(Stored entries)
= = = =
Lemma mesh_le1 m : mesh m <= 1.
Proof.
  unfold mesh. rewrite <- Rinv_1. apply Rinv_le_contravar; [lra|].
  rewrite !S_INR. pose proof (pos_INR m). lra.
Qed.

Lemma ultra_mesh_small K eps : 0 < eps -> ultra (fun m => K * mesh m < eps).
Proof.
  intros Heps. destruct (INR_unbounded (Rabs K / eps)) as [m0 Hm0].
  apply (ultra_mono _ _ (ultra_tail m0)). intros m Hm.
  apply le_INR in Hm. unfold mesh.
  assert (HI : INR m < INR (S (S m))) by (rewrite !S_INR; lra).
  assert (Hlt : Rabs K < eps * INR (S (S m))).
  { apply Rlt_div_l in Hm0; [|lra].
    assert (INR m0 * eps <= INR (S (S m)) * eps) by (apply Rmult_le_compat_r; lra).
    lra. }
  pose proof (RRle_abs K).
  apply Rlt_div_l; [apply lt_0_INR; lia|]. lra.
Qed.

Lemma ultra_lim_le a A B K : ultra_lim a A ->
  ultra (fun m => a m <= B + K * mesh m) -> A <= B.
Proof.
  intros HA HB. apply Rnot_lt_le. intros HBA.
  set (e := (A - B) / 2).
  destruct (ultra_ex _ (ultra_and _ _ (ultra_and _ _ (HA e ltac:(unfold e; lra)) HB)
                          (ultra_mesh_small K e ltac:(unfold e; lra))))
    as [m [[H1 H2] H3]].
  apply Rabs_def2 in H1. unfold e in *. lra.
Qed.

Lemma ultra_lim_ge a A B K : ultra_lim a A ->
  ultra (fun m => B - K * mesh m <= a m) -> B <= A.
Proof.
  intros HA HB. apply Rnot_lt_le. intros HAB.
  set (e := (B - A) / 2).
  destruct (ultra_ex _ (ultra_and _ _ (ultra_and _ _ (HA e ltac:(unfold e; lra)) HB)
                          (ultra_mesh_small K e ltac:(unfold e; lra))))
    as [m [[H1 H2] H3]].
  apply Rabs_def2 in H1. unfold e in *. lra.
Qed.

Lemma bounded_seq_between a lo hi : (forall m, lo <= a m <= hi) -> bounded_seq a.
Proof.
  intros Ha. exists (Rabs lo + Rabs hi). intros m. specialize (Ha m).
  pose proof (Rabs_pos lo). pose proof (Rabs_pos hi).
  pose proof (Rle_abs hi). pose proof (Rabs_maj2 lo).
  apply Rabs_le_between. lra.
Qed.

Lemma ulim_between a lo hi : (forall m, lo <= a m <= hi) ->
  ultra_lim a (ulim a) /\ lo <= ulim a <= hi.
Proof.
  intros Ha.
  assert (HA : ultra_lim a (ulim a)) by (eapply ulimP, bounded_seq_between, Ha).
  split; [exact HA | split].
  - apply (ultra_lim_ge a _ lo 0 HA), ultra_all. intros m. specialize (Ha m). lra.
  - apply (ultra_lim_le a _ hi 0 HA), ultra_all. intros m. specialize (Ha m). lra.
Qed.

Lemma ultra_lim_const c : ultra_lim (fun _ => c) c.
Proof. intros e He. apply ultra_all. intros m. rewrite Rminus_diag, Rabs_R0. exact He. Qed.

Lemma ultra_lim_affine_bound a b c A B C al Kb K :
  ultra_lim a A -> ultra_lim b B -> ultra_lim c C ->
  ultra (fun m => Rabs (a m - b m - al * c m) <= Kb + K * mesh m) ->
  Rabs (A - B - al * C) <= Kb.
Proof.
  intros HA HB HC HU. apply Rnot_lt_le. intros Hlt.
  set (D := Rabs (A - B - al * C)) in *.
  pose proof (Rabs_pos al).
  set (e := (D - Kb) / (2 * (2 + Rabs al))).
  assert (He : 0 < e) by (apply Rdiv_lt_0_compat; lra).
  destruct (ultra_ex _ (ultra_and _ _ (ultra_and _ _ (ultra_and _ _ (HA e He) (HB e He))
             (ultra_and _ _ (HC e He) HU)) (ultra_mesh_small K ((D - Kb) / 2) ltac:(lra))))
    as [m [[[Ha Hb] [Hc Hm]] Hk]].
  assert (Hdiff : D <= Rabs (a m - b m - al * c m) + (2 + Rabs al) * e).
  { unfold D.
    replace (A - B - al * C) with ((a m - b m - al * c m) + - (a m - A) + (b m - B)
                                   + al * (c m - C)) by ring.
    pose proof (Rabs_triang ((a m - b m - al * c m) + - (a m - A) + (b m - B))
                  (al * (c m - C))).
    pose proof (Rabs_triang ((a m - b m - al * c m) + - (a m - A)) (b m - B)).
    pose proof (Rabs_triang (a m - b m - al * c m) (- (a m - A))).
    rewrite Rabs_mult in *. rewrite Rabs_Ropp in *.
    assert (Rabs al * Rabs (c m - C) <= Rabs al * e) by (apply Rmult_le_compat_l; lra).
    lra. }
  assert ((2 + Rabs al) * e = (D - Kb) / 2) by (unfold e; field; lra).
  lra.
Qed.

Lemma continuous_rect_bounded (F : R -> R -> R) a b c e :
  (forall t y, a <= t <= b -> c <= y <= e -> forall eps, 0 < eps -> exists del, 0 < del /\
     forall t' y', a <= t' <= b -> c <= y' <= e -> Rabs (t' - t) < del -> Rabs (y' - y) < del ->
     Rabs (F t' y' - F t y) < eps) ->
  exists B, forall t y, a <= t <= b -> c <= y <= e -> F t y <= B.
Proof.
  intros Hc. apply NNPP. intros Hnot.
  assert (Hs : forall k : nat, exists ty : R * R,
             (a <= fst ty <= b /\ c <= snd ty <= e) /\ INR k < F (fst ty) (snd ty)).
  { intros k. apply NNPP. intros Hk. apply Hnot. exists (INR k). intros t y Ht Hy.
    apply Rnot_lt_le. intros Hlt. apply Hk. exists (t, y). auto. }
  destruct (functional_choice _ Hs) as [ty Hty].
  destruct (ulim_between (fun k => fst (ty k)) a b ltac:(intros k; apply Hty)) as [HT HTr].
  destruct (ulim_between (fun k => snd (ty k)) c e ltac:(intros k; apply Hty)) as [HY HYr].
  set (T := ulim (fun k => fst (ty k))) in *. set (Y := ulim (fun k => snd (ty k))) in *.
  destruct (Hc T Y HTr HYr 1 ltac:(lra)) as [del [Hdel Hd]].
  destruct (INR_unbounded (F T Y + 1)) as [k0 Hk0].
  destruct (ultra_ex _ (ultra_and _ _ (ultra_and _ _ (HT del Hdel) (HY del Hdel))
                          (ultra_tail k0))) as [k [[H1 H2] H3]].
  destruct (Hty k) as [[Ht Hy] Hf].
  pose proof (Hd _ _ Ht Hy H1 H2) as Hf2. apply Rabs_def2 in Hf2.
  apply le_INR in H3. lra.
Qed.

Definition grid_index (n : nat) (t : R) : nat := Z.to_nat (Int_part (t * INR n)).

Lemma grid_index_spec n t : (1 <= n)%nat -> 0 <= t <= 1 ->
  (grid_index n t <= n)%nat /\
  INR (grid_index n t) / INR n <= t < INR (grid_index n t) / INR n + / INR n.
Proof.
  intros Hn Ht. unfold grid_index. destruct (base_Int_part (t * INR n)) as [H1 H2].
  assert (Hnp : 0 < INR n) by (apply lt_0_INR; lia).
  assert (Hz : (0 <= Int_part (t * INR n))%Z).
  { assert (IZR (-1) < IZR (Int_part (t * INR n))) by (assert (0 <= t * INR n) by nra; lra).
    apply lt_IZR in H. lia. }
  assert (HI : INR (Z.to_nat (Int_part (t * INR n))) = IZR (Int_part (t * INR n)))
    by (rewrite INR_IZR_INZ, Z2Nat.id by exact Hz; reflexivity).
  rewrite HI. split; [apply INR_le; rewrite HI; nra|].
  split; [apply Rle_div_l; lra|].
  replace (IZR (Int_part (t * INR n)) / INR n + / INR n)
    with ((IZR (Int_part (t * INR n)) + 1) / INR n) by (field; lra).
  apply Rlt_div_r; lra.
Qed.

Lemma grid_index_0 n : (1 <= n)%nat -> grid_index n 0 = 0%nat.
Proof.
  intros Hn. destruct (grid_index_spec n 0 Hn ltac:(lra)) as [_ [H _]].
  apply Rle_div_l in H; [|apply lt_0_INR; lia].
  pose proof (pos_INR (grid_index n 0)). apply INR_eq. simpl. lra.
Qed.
= = = =
* Required work
Show each line of the records above containing "split".

* Response below
  split; [exact HA | split].
  rewrite HI. split; [apply INR_le; rewrite HI; nra|].
  split; [apply Rle_div_l; lra|].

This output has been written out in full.